Consider a Markov process on the state space $S=\{1,2,3\}$ where transitions between states are described by the transition matrix
$$P = \begin{pmatrix} p_{11} & p_{1,2} & 0 \\ p_{2,1} & p_{2,2} & p_{2,3} \\ 0 & p_{3,2} & p_{3,3} \end{pmatrix}$$
where $P$ is a column stochastic matrix. I want to describe the Markov process on the state space $S^\prime = \{1 \ \& \ 2,3\}$ where we are only interested in the transition probabilities between points from the states $1 \ \& \ 2$ to $3$ and vice versa.

In one step, due to how $P$ is defined, state $1$ cannot visit state $3$. However, by looking at the matrix
$$P^2= \begin{pmatrix}p_{1,1}^2+p_{1,2}p_{2,1}&p_{1,1}p_{1,2}+p_{1,2}p_{2,2}&p_{1,2}p_{2,3}\\ p_{1,1}p_{2,1}+p_{2,1}p_{2,2}&p_{1,2}p_{2,1}+p_{2,2}^2+p_{2,3}p_{3,2}&p_{2,2}p_{2,3}+p_{2,3}p_{3,3}\\ p_{2,1}p_{3,2}&p_{2,2}p_{3,2}+p_{3,2}p_{3,3}&p_{2,3}p_{3,2}+p_{3,3}^2\end{pmatrix}$$
we can determine the transition probabilities of points starting in state $1$ and transitioning to $3$ after $2$ iterations. I was wondering if given the above, one could rewrite this process on a state space $S^\prime$. Here the new matrix $P^\prime$ would be a $2\times 2$ matrix depending on the probabilities appearing in the matrix $P$.

Best Answer

Define the process $\left(\widetilde{X}(n)\right)_{n\in\mathbb{N}}$ as $\widetilde{X}(n)=1$, if $X(n)=1$; and $\widetilde{X}(n)=2$, if $X(n)=2$ or $X(n)=3$. This is the "quotient" process described in the question.

Claim. $\left(\widetilde{X}(n)\right)_{n\in\mathbb{N}}$ is not Markov.

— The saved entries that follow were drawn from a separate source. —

Lemma idealGen_almost_disjoint x E :
  almost_disjoint_from A x -> idealGen A E -> finite_set (x `&` E).
Proof.
move=> x_ad [S [S_fin [SA ES]]].
apply: (sub_finite_set
  (B := (E `\` \bigcup_(a in S) a) `|` \bigcup_(a in S) (x `&` a))).
  move=> n [xn En]; have [[a Sa an]|nS] := pselect ((\bigcup_(a in S) a) n).
    by right; exists a.
  by left.
by rewrite finite_setU; split=> //; apply: bigcup_finite => // a /SA/x_ad.
Qed.

Lemma fin_pos_avoid X C : fin_pos (idealGen A) X -> idealGen A C ->
  infinite_set [set s | X s /\ s `&` C = set0].
Proof.
move=> [X_fin X_pos] C_ideal W_fin; set W := [set s | _] in W_fin.
have /X_pos[s Xs] : idealGen A (\bigcup_(u in C |` W) u).
  apply: idealGen_bigcup => [|u [-> //|[Xu _]]].
    by rewrite finite_setU; split=> //; exact: finite_set1.
  by apply: idealGen_finite; case: (X_fin u Xu).
rewrite bigcup_setU1 setIUr setU_eq0 => -[sC sW].
have [_ [n sn]] := X_fin s Xs.
have : (s `&` \bigcup_(u in W) u) n by split=> //; exists s.
by rewrite sW.
Qed.

End GeneratedIdeal.

Lemma fin_pos_subset (I J X : set (set nat)) :
  I `<=` J -> fin_pos J X -> fin_pos I X.
Proof. by move=> IJ [X_fin X_pos]; split=> // B /IJ/X_pos. Qed.

(* Adding [a] to [A] keeps it almost disjoint and makes [Y] a witness of the
   Shelah-Steprans property for [X]. *)
Definition ss_witness (A X : set (set nat)) (a : set nat) :=
  [/\ infinite_set a, almost_disjoint_from A a &
      exists Y, [/\ Y `<=` X, infinite_set Y & a = \bigcup_(s in Y) s]].

Lemma finite_set_code : exists code : set nat -> nat,
  {in [set s : set nat | finite_set s] &, injective code}.
Proof.
have /pcard_injP[code code_inj] := countable_finite_subset (countableP [set: nat]).
by exists code => s s'; rewrite !in_setE => fs fs'; apply: code_inj; rewrite in_setE.
Qed.

Definition fin_code : set nat -> nat := projT1 (cid finite_set_code).

Lemma fin_code_inj : {in [set s | finite_set s] &, injective fin_code}.
Proof. exact: projT2 (cid finite_set_code). Qed.

Section Extension.
Hypothesis p_large : forall F, p_witness F -> [set: set nat] #<= F.

Lemma small_SFIP_pseudointersection F : (forall a, F a -> infinite_set a) ->
  SFIP F -> small F -> exists P, pseudointersection F P.
Proof.
move=> F_inf F_SFIP F_small; apply: contrapT => noP.
by apply/F_small/p_large; split.
Qed.

Variables (A X : set (set nat)).
Hypotheses (A_small : small A) (X_pos : fin_pos (idealGen A) X).

Let X_finite s : X s -> finite_set s.
Proof. by case: X_pos => X_fin _ /X_fin[]. Qed.

Let avoid (C : set nat) := [set s | X s /\ s `&` C = set0].
Let D := A `|` [set b | finite_set b].

Let D_ideal b : D b -> idealGen A b.
Proof. by case=> [/idealGen_mem|/idealGen_finite]. Qed.

Let finite_codes W : W `<=` X -> finite_set (fin_code @` W) -> finite_set W.
Proof.
move=> WX; rewrite (eq_finite_set (inj_card_eq _)) // => s s'.
by rewrite !in_setE => /WX/X_finite fs /WX/X_finite fs'; apply: fin_code_inj;
  rewrite in_setE.
Qed.

Let avoid_codes_infinite C : idealGen A C -> infinite_set (fin_code @` avoid C).
Proof.
move=> C_ideal /finite_codes W_fin; apply: (fin_pos_avoid X_pos C_ideal).
by apply: W_fin => s [].
Qed.

Let G := [set fin_code @` avoid b | b in D].

Let G_small : small G.
Proof.
apply/small_image/small_setU => //; apply: countable_small.
apply: card_le_trans (countable_finite_subset (countableP [set: nat])).
by apply: subset_card_le => b fb.
Qed.

(* A finite subfamily of [G] contains the codes of the [s] avoiding the union
   of the corresponding members of [D], which is in the ideal. *)
Let G_SFIP : SFIP G.
Proof.
move=> S S_fin SG _.
have g_ex c : exists b, S c -> D b /\ fin_code @` avoid b = c.
  by have [/SG[b Db <-]|] := pselect (S c); [exists b | exists set0].
have [g g_spec] := choice g_ex.
have C_ideal : idealGen A (\bigcup_(c in S) g c).
  by apply: idealGen_bigcup => // c /g_spec[/D_ideal].
apply: sub_infinite_set (avoid_codes_infinite C_ideal).
move=> _ [s [Xs sC] <-] c Sc; have [_ <-] := g_spec c Sc.
exists s => //; split=> //; apply/seteqP; split=> // n [sn gn].
by rewrite -sC; split=> //; exists c.
Qed.

Section Pseudointersection.
Variable P : set nat.
Hypothesis P_pseudo : pseudointersection G P.

Let Y := [set s | X s /\ P (fin_code s)].

Let P_almost_codes b : D b -> finite_set (P `\` fin_code @` avoid b).
Proof. by move=> Db; case: P_pseudo => _; apply; exists b. Qed.

Let Y_almost_avoids b : D b -> finite_set [set s | Y s /\ s `&` b !=set0].
Proof.
move=> Db; apply: finite_codes => [s [[]] //|].
apply: sub_finite_set (P_almost_codes Db) => _ [s [[Xs Ps] sb] <-].
split=> // -[s' [Xs' s'b] /fin_code_inj eq_s]; move: sb.
by rewrite -eq_s ?s'b ?in_setE; [case | exact: X_finite | exact: X_finite].
Qed.

Let Y_infinite : infinite_set Y.
Proof.
move=> Y_fin; case: P_pseudo => P_inf _; apply: P_inf.
apply: (sub_finite_set (B := (P `\` fin_code @` avoid set0) `|` fin_code @` Y)).
  move=> n Pn; have [[s [Xs _] sn]|] := pselect ((fin_code @` avoid set0) n).
    by right; exists s; rewrite // /Y /= sn.
  by left.
rewrite finite_setU; split; last exact: finite_image.
by apply: P_almost_codes; right; exact: finite_set0.
Qed.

Proof. Indeed, on one hand $$\mathbb{P}\left(\widetilde{X}(n)=1\left|\widetilde{X}(n-1)=2,\widetilde{X}(n-2)=1\right.\right)=\mathbb{P}\left(\widetilde{X}(n)=1\left|X(n-1)=2,\widetilde{X}(n-1)=2,\widetilde{X}(n-2)=1\right.\right)$$ $$=\mathbb{P}\left(\widetilde{X}(n)=1\left|X(n-1)=2,\widetilde{X}(n-2)=1\right.\right)$$ $$=\mathbb{P}\left(X(n)=1\left|X(n-1)=2,\widetilde{X}(n-2)=1\right.\right)$$ $$= \mathbb{P}\left(X(n)=1\left|X(n-1)=2\right.\right)= P_{21}.$$ On the other hand, $$\mathbb{P}\left(\widetilde{X}(n)=1\left|\widetilde{X}(n-1)=2,\widetilde{X}(n-2)=2\right.\right)=\mathbb{P}\left(X(n)=1\left|\widetilde{X}(n-1)=2,\widetilde{X}(n-2)=2\right.\right)$$ $$= \frac{\mathbb{P}\left(X(n)=1,\widetilde{X}(n-1)=2,\widetilde{X}(n-2)=2\right)}{\mathbb{P}\left(\widetilde{X}(n-1)=2,\widetilde{X}(n-2)=2\right)}$$ $$= \frac{\mathbb{P}\left(X(n)=1, X(n-1)=2,\widetilde{X}(n-2)=2\right)}{\mathbb{P}\left(\widetilde{X}(n-1)=2,\widetilde{X}(n-2)=2\right)}$$ $$= \frac{\mathbb{P}\left(X(n)=1, X(n-1)=2,\widetilde{X}(n-2)=2\right)}{\mathbb{P}\left(X(n-1)=2,\widetilde{X}(n-2)=2\right)}\times \frac{\mathbb{P}\left(X(n-1)=2,\widetilde{X}(n-2)=2\right)}{\mathbb{P}\left(\widetilde{X}(n-1)=2,\widetilde{X}(n-2)=2\right)}$$ $$=\mathbb{P}\left(X(n)=1\left|X(n-1)=2,\widetilde{X}(n-2)=2\right.\right)\times \frac{\mathbb{P}\left(X(n-1)=2,\widetilde{X}(n-2)=2\right)}{\mathbb{P}\left(\widetilde{X}(n-1)=2,\widetilde{X}(n-2)=2\right)}$$ $$=P_{21}\times \frac{\mathbb{P}\left(X(n-1)=2,\widetilde{X}(n-2)=2\right)}{\mathbb{P}\left(\widetilde{X}(n-1)=2,\widetilde{X}(n-2)=2\right)}<P_{21}.$$ In other words, $$\mathbb{P}\left(\widetilde{X}(n)=1\left|\widetilde{X}(n-1)=2,\widetilde{X}(n-2)=1\right.\right)\neq \mathbb{P}\left(\widetilde{X}(n)=1\left|\widetilde{X}(n-1)=2,\widetilde{X}(n-2)=2\right.\right)$$ and $\left(\widetilde{X}(n)\right)_{n\in\mathbb{N}}$ is not Markov.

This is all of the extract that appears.